Check every line of the listing below for the word "RealParameter" and give the number of lines where it appears, with nothing added.

-- DATA follows --

(* Let $\mathbb{K}\in\{\mathbb{R},\mathbb{C}\}$ and let $X$ be an infinite-dimensional normed vector space over $\mathbb{K}$. Let $U\neq\emptyset$ be a convex open subset of $X$ and let $L$ be a linear subspace of $X$ with $\operatorname{codim} L\geq 2$. Then $U\setminus L$ is dense in $U$ and pathwise connected.
   Context: $\operatorname{codim} L$ denotes the (possibly finite, possibly infinite cardinal) algebraic codimension of $L$ in $X$: $\operatorname{codim} L=\kappa$ iff some Hamel basis $B$ of $X$ has a subset $B'$ with $\operatorname{span}(B')=L$ and $|B\setminus B'|=\kappa$. Topological notions refer to the norm topology. *)

From HB Require Import structures.
From mathcomp Require Import all_boot all_order all_algebra.
From mathcomp Require Import all_classical all_reals all_analysis.
From mathcomp Require Import complex.
Set Implicit Arguments. Unset Strict Implicit. Unset Printing Implicit Defensive.
Import Order.TTheory GRing.Theory Num.Theory.
Import numFieldNormedType.Exports.
Local Open Scope classical_set_scope.
Local Open Scope ring_scope.

Section LinAlg.
Variables (K : numFieldType) (X : lmodType K).

Definition span (B : set X) : set X :=
  [set x | exists (s : seq X) (c : seq K),
      size c = size s /\ (forall v, v \in s -> B v) /\
      x = \sum_(i < size s) c`_i *: s`_i].

Definition lin_indep (B : set X) : Prop :=
  forall (s : seq X) (c : seq K),
    uniq s -> size c = size s -> (forall v, v \in s -> B v) ->
    \sum_(i < size s) c`_i *: s`_i = 0 -> forall i, (i < size s)%N -> c`_i = 0.

Definition hamel_basis (B : set X) : Prop := lin_indep B /\ span B = setT.

Definition lin_subspace (L : set X) : Prop :=
  L 0 /\ (forall x y, L x -> L y -> L (x + y)) /\
  (forall (a : K) x, L x -> L (a *: x)).

Definition codim_ge2 (L : set X) : Prop :=
  exists B B' : set X, hamel_basis B /\ B' `<=` B /\ span B' = L /\
    exists b1 b2, (B `\` B') b1 /\ (B `\` B') b2 /\ b1 <> b2.

Definition infinite_dim : Prop := ~ exists s : seq X, span [set` s] = setT.

End LinAlg.

Definition path_connected (R : realType) (T : topologicalType) (A : set T) : Prop :=
  forall x y, A x -> A y ->
    exists f : R -> T, f 0 = x /\ f 1 = y /\
      {within `[0, 1], continuous f} /\ f @` `[0, 1] `<=` A.

From Pilot Require Import Defs.
From HB Require Import structures.
From mathcomp Require Import all_boot all_order all_algebra.
From mathcomp Require Import all_classical all_reals all_analysis.
From mathcomp Require Import complex.
Import Order.TTheory GRing.Theory Num.Theory.
Import numFieldNormedType.Exports.
Local Open Scope classical_set_scope.
Local Open Scope ring_scope.
Set Implicit Arguments. Unset Strict Implicit. Unset Printing Implicit Defensive.

(* Codimension at least 2 yields, for every d outside L, a w such that no
   nontrivial combination of d and w lies in L: in X/L the class of d is nonzero
   and cannot be parallel to both of two independent classes.  Density is then
   immediate: for x in L and b outside L, x + c b is outside L when c != 0.  Given x, y in
   U \ L, either the segment [x, y] misses L, or it meets L at one point and then
   d = y - x is outside L; in the latter case the plane x + <d, w> meets L in that
   single point, which the bent path s |-> x + s d + c s (1 - s) w avoids for
   0 < s < 1 and c != 0.  For small c the bent path stays in U by convexity. *)

Section LinearAlgebra.
Variables (K : numFieldType) (X : lmodType K).
Implicit Types (B L : set X) (x y : X).

Lemma lin_subspaceD L x y : lin_subspace L -> L x -> L y -> L (x + y).
Proof. by case=> _ [LD _]; exact: LD. Qed.

Lemma lin_subspaceZ L (a : K) x : lin_subspace L -> L x -> L (a *: x).
Proof. by case=> _ [_ LZ]; exact: LZ. Qed.

Lemma lin_subspaceB L x y : lin_subspace L -> L x -> L y -> L (x - y).
Proof.
move=> HL Lx Ly; rewrite -scaleN1r.
by apply: lin_subspaceD => //; exact: lin_subspaceZ.
Qed.

Lemma lin_subspaceZ_inv L (a : K) x : lin_subspace L -> a != 0 -> L (a *: x) -> L x.
Proof. by move=> HL a0 /(lin_subspaceZ a^-1 HL); rewrite scalerA mulVf // scale1r. Qed.

Lemma lin_indep_sum0 B (t : seq X) (f : X -> K) :
  lin_indep B -> uniq t -> (forall v, v \in t -> B v) ->
  \sum_(v <- t) f v *: v = 0 -> forall v, v \in t -> f v = 0.
Proof.
move=> HB ut tB t0 v vt.
have sum_ord : \sum_(v <- t) f v *: v = \sum_(i < size t) (map f t)`_i *: t`_i.
  by rewrite (big_nth 0) big_mkord; apply: eq_bigr => i _; rewrite (nth_map 0).
have := HB t (map f t) ut (size_map _ _) tB; rewrite -sum_ord => /(_ t0 (index v t)).
by rewrite (nth_map 0) ?index_mem // nth_index // => ->.
Qed.

Lemma span_uniq_sum B x : Defs.span B x ->
  exists (t : seq X) (f : X -> K), [/\ uniq t, forall v, v \in t -> B v &
    x = \sum_(v <- t) f v *: v].
Proof.
move=> [s [c [_ [sB ->]]]].
exists (undup s), (fun v => \sum_(i < size s | s`_i == v) c`_i).
split; [exact: undup_uniq | by move=> v; rewrite mem_undup; exact: sB |].
have collect v : (\sum_(i < size s | s`_i == v) c`_i) *: v =
    \sum_(i < size s) (if s`_i == v then c`_i *: s`_i else 0).
  rewrite scaler_suml big_mkcond /=; apply: eq_bigr => i _.
  by case: eqP => [->|]; rewrite ?scale0r.
under [RHS]eq_bigr => v _ do rewrite collect.
rewrite /= exchange_big /=; apply: eq_bigr => i _.
rewrite (bigD1_seq s`_i) ?undup_uniq ?mem_undup ?mem_nth //= eqxx.
by rewrite big1 ?addr0 // => v /negbTE; rewrite eq_sym => ->.
Qed.

Definition indep_mod L (u v : X) : Prop :=
  forall p q : K, L (p *: u + q *: v) -> p = 0 /\ q = 0.

Lemma indep_mod_basis B B' b1 b2 :
  lin_indep B -> B' `<=` B -> (B `\` B') b1 -> (B `\` B') b2 -> b1 <> b2 ->
  indep_mod (Defs.span B') b1 b2.
Proof.
move=> HB sB [Bb1 nb1] [Bb2 nb2] b12 a1 a2 /span_uniq_sum [t [f [ut tB' E]]].
have b1t : b1 \notin t by apply/negP => /tB'.
have b2t : b2 \notin t by apply/negP => /tB'.
have b21 : (b2 == b1) = false by apply/eqP => e; apply: b12.
pose g v := if v == b1 then a1 else if v == b2 then a2 else - f v.
have g_t v : v \in t -> g v = - f v.
  move=> vt; rewrite /g; case: eqP => [e|_]; first by rewrite -e vt in b1t.
  by case: eqP => [e|_]; first by rewrite -e vt in b2t.
have u3 : uniq [:: b1, b2 & t] by rewrite /= inE negb_or b1t b2t ut eq_sym b21.
have B3 v : v \in [:: b1, b2 & t] -> B v.
  by rewrite !inE => /orP[/eqP->|/orP[/eqP->|/tB'/sB]].
have sum3 : \sum_(v <- [:: b1, b2 & t]) g v *: v = 0.
  rewrite !big_cons big_seq (eq_bigr (fun v => - (f v *: v))) => [|v vt].
    by rewrite -big_seq sumrN -E /g eqxx b21 eqxx addrA subrr.
  by rewrite g_t // scaleNr.
have g0 := lin_indep_sum0 HB u3 B3 sum3.
have := g0 b1; rewrite /g eqxx inE eqxx => /(_ isT) ->.
by have := g0 b2; rewrite /g b21 eqxx !inE eqxx orbT => /(_ isT) ->.
Qed.

Lemma codim_ge2_indep_mod L : codim_ge2 L -> exists b1 b2, indep_mod L b1 b2.
Proof.
move=> [B [B' [[HB _] [sB [spL [b1 [b2 [h1 [h2 b12]]]]]]]]].
by exists b1, b2; rewrite -spL; exact: (indep_mod_basis HB sB h1 h2 b12).
Qed.

Lemma indep_mod_notin L u v : indep_mod L u v -> ~ L u.
Proof.
move=> Huv Lu; have [] := Huv 1 0; first by rewrite scale0r addr0 scale1r.
by move/eqP; rewrite oner_eq0.
Qed.

Lemma indep_modC L u v : indep_mod L u v -> indep_mod L v u.
Proof. by move=> Huv p q; rewrite addrC => /Huv []. Qed.

Lemma not_indep_mod L d b : lin_subspace L -> ~ L b -> ~ indep_mod L d b ->
  exists a : K, L (d + a *: b).
Proof.
move=> HL nb /existsNP [p /existsNP [q /not_implyP [Lpq npq]]].
have [p0|pn0] := eqVneq p 0.
  move: Lpq; rewrite p0 scale0r add0r => Lq.
  have [q0|qn0] := eqVneq q 0; first by case: npq.
  by case: nb; exact: lin_subspaceZ_inv Lq.
exists (q / p); apply: (lin_subspaceZ_inv HL pn0).
by rewrite scalerDr scalerA mulrCA mulfV // mulr1.
Qed.

Lemma indep_mod_complement L b1 b2 d : lin_subspace L -> indep_mod L b1 b2 ->
  ~ L d -> exists w, indep_mod L d w.
Proof.
move=> HL H12 nd.
have [H1|n1] := pselect (indep_mod L d b1); first by exists b1.
have [H2|n2] := pselect (indep_mod L d b2); first by exists b2.
have [a1 L1] := not_indep_mod HL (indep_mod_notin H12) n1.
have [a2 L2] := not_indep_mod HL (indep_mod_notin (indep_modC H12)) n2.
have := lin_subspaceB HL L1 L2.
rewrite opprD addrACA subrr add0r -scaleNr => /H12 [a10 _].
by case: nd; move: L1; rewrite a10 scale0r addr0.
Qed.

End LinearAlgebra.

Section SubspaceComplement.
Variables (K : numFieldType) (X : normedModType K).
Implicit Types (A U L : set X) (x y w : X).

Lemma nbhs_shift_nonzero A x w : nbhs x A -> exists2 c : K, c != 0 & A (x + c *: w).
Proof.
move=> Ax.
have shift_cont : {for 0, continuous (fun c : K => x + c *: w)}.
  by apply: continuousD; [exact: cst_continuous | exact: continuousZr_tmp].
have Ashift : \forall c \near 0^', A (x + c *: w).
  by apply: nbhs_dnbhs; apply: shift_cont; rewrite /= scale0r addr0.
by have [c [c0 Ac]] := filter_ex (filterI (nbhs_dnbhs_neq 0) Ashift); exists c.
Qed.

Lemma subset_closure_setD_subspace U L b : open U -> lin_subspace L -> ~ L b ->
  U `<=` closure (U `\` L).
Proof.
move=> oU HL nb x Ux; have [xL|nxL] := pselect (L x); last exact: subset_closure.
move=> N Nx; have UNx : nbhs x (U `&` N).
  by apply: filterI => //; exact: open_nbhs_nbhs.
have [c c0 [Uc Nc]] := nbhs_shift_nonzero b UNx.
exists (x + c *: b); split => //; split => // Lc.
apply/nb/(lin_subspaceZ_inv HL c0).
by move: (lin_subspaceB HL Lc xL); rewrite addrC addKr.
Qed.

Lemma convex_set_comb U a b (s : K) : convex_set U -> U a -> U b -> 0 <= s <= 1 ->
  U (s *: a + (1 - s) *: b).
Proof.
by move=> cU Ua Ub /andP[s0 s1]; have := cU a b (Itv01 s0 s1); rewrite !inE; apply.
Qed.

(* For K = R[i] the partial order makes [0 <= s <= 1] the real unit interval. *)
Definition scalar_path A x y (g : K -> X) :=
  [/\ continuous g, g 0 = x, g 1 = y & forall s : K, 0 <= s <= 1 -> A (g s)].

Definition bent_path x y w (c s : K) : X :=
  x + s *: (y - x) + (c * s * (1 - s)) *: w.

Lemma bent_path_continuous x y w c : continuous (bent_path x y w c).
Proof.
move=> s; apply: (cvgD (F := nbhs s)).
  apply: (cvgD (F := nbhs s)); first exact: cvg_cst.
  by apply: cvgZr_tmp; exact: cvg_id.
apply: cvgZr_tmp; apply: (cvgM (F := nbhs s)).
  by apply: (cvgM (F := nbhs s)); [exact: cvg_cst | exact: cvg_id].
by apply: (cvgB (F := nbhs s)); [exact: cvg_cst | exact: cvg_id].
Qed.

Lemma bent_path_convex U x y w c s : convex_set U -> U x -> U y -> U (x + c *: w) ->
  0 <= s <= 1 -> U (bent_path x y w c s).
Proof.
move=> cU Ux Uy Uxw s01.
have Umid : U (x + (s * c) *: w).
  have := convex_set_comb cU Uxw Ux s01.
  by rewrite scalerDr scalerA addrAC -scalerDl [s + _]addrC subrK scale1r.
have := convex_set_comb cU Uy Umid s01.
rewrite /bent_path scalerDr scalerA scalerBl scale1r scalerBr.
by rewrite [(1 - s) * _]mulrC [s * c]mulrC !addrA [s *: y + x]addrC.
Qed.

Lemma bent_path_notin L x y w c s s0 : lin_subspace L -> ~ L x -> ~ L y -> c != 0 ->
  indep_mod L (y - x) w -> L (x + s0 *: (y - x)) -> ~ L (bent_path x y w c s).
Proof.
move=> HL nx ny c0 Hw Ls0 Ls.
have := lin_subspaceB HL Ls Ls0.
have -> : bent_path x y w c s - (x + s0 *: (y - x)) =
    (s - s0) *: (y - x) + (c * s * (1 - s)) *: w.
  by rewrite /bent_path scalerBl opprD addrAC addrACA subrr add0r.
move=> /Hw [_ /eqP]; rewrite !mulf_eq0 (negbTE c0) subr_eq0 /= => /orP[]/eqP s_end.
  by apply: nx; move: Ls; rewrite /bent_path s_end scale0r mulr0 mul0r scale0r !addr0.
apply: ny; move: Ls.
by rewrite /bent_path -s_end scale1r subrr mulr0 scale0r addr0 addrC subrK.
Qed.

Lemma scalar_path_bent U L x y w c : convex_set U -> U x -> U y -> U (x + c *: w) ->
  (forall s, 0 <= s <= 1 -> ~ L (bent_path x y w c s)) ->
  scalar_path (U `\` L) x y (bent_path x y w c).
Proof.
move=> cU Ux Uy Uxw nL; split; first exact: bent_path_continuous.
- by rewrite /bent_path scale0r mulr0 mul0r scale0r !addr0.
- by rewrite /bent_path scale1r subrr mulr0 scale0r addr0 addrC subrK.
- by move=> s s01; split; [exact: bent_path_convex | exact: nL].
Qed.

Lemma scalar_path_setD_subspace U L x y : open U -> convex_set U ->
  lin_subspace L -> codim_ge2 L -> (U `\` L) x -> (U `\` L) y ->
  exists g, scalar_path (U `\` L) x y g.
Proof.
move=> oU cU HL HC [Ux nx] [Uy ny].
have [[s0 Ls0]|segment] := pselect (exists s0 : K, L (x + s0 *: (y - x))); last first.
  exists (bent_path x y 0 0); apply: scalar_path_bent => // [|s _].
    by rewrite scaler0 addr0.
  by rewrite /bent_path scaler0 addr0 => Ls; apply: segment; exists s.
have nd : ~ L (y - x).
  move=> Ld; apply: nx.
  by move: (lin_subspaceB HL Ls0 (lin_subspaceZ s0 HL Ld)); rewrite addrK.
have [b1 [b2 H12]] := codim_ge2_indep_mod HC.
have [w Hw] := indep_mod_complement HL H12 nd.
have [c c0 Uc] := nbhs_shift_nonzero w (open_nbhs_nbhs (conj oU Ux)).
exists (bent_path x y w c); apply: scalar_path_bent => // s _.
exact: bent_path_notin Ls0.
Qed.

End SubspaceComplement.

Section RealParameter.
Variables (R : realType) (K : numFieldType) (X : normedModType K).
Variable iota : {rmorphism R -> K}.
Hypotheses (iota_homo : {homo iota : s t / s <= t}) (iota_cont : continuous iota).

Lemma path_connected_scalar (A : set X) :
  (forall x y, A x -> A y -> exists g, scalar_path A x y g) -> path_connected R A.
Proof.
move=> paths x y Ax Ay; have [g [g_cont g0 g1 gA]] := paths x y Ax Ay.
exists (g \o iota); rewrite /= rmorph0 rmorph1; do 3 split => //.
  apply: continuous_subspaceT => t.
  by apply: continuous_comp; [exact: iota_cont | exact: g_cont].
move=> _ [t /andP[t0 t1] <-]; apply: gA.
by rewrite -(rmorph0 iota) -(rmorph1 iota) !iota_homo.
Qed.

Lemma convex_open_setD_subspace (U L : set X) : open U -> convex_set U ->
  lin_subspace L -> codim_ge2 L ->
  U `<=` closure (U `\` L) /\ path_connected R (U `\` L).
Proof.
move=> oU cU HL HC; split.
  have [b1 [b2 /indep_mod_notin nb1]] := codim_ge2_indep_mod HC.
  exact: subset_closure_setD_subspace nb1.
by apply: path_connected_scalar => x y; exact: scalar_path_setD_subspace.
Qed.

End RealParameter.

Local Open Scope complex_scope.

Lemma normc_real_complex (R : realType) (t : R) : `|t%:C| = `|t|%:C.
Proof. by rewrite normc_def /= expr0n addr0 sqrtr_sqr. Qed.

Lemma real_complex_continuous (R : realType) :
  continuous (fun t : R => t%:C : (R[i] : numFieldType)).
Proof.
move=> t; apply/cvgrPdist_lt => e e0.
have eRe : e = (complex.Re e)%:C by rewrite RRe_real // gtr0_real.
have Re_gt0 : 0 < complex.Re e by rewrite -ltcR -eRe.
near=> s; rewrite -raddfB normc_real_complex eRe ltcR.
by near: s; exact: (cvgr_dist_lt (F := nbhs t) id t cvg_id _ Re_gt0).
Unshelve. all: by end_near.
Qed.

Theorem lemma1 (R : realType) :
  (forall (X : normedModType R) (U L : set X),
      infinite_dim X -> U !=set0 -> open U -> convex_set U ->
      lin_subspace L -> codim_ge2 L ->
      U `<=` closure (U `\` L) /\ path_connected R (U `\` L)) /\
  (forall (X : normedModType R[i]) (U L : set X),
      infinite_dim X -> U !=set0 -> open U -> convex_set U ->
      lin_subspace L -> codim_ge2 L ->
      U `<=` closure (U `\` L) /\ path_connected R (U `\` L)).
Proof.
split=> X U L _ _.
  exact: (@convex_open_setD_subspace R R X idfun (fun s t => id) (fun t => cvg_id)).
apply: (@convex_open_setD_subspace R R[i] X (real_complex R)) => [s t|].
  by rewrite lecR.
exact: real_complex_continuous.
Qed.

-- DATA concluded --

* _TASK SOLUTION_:
2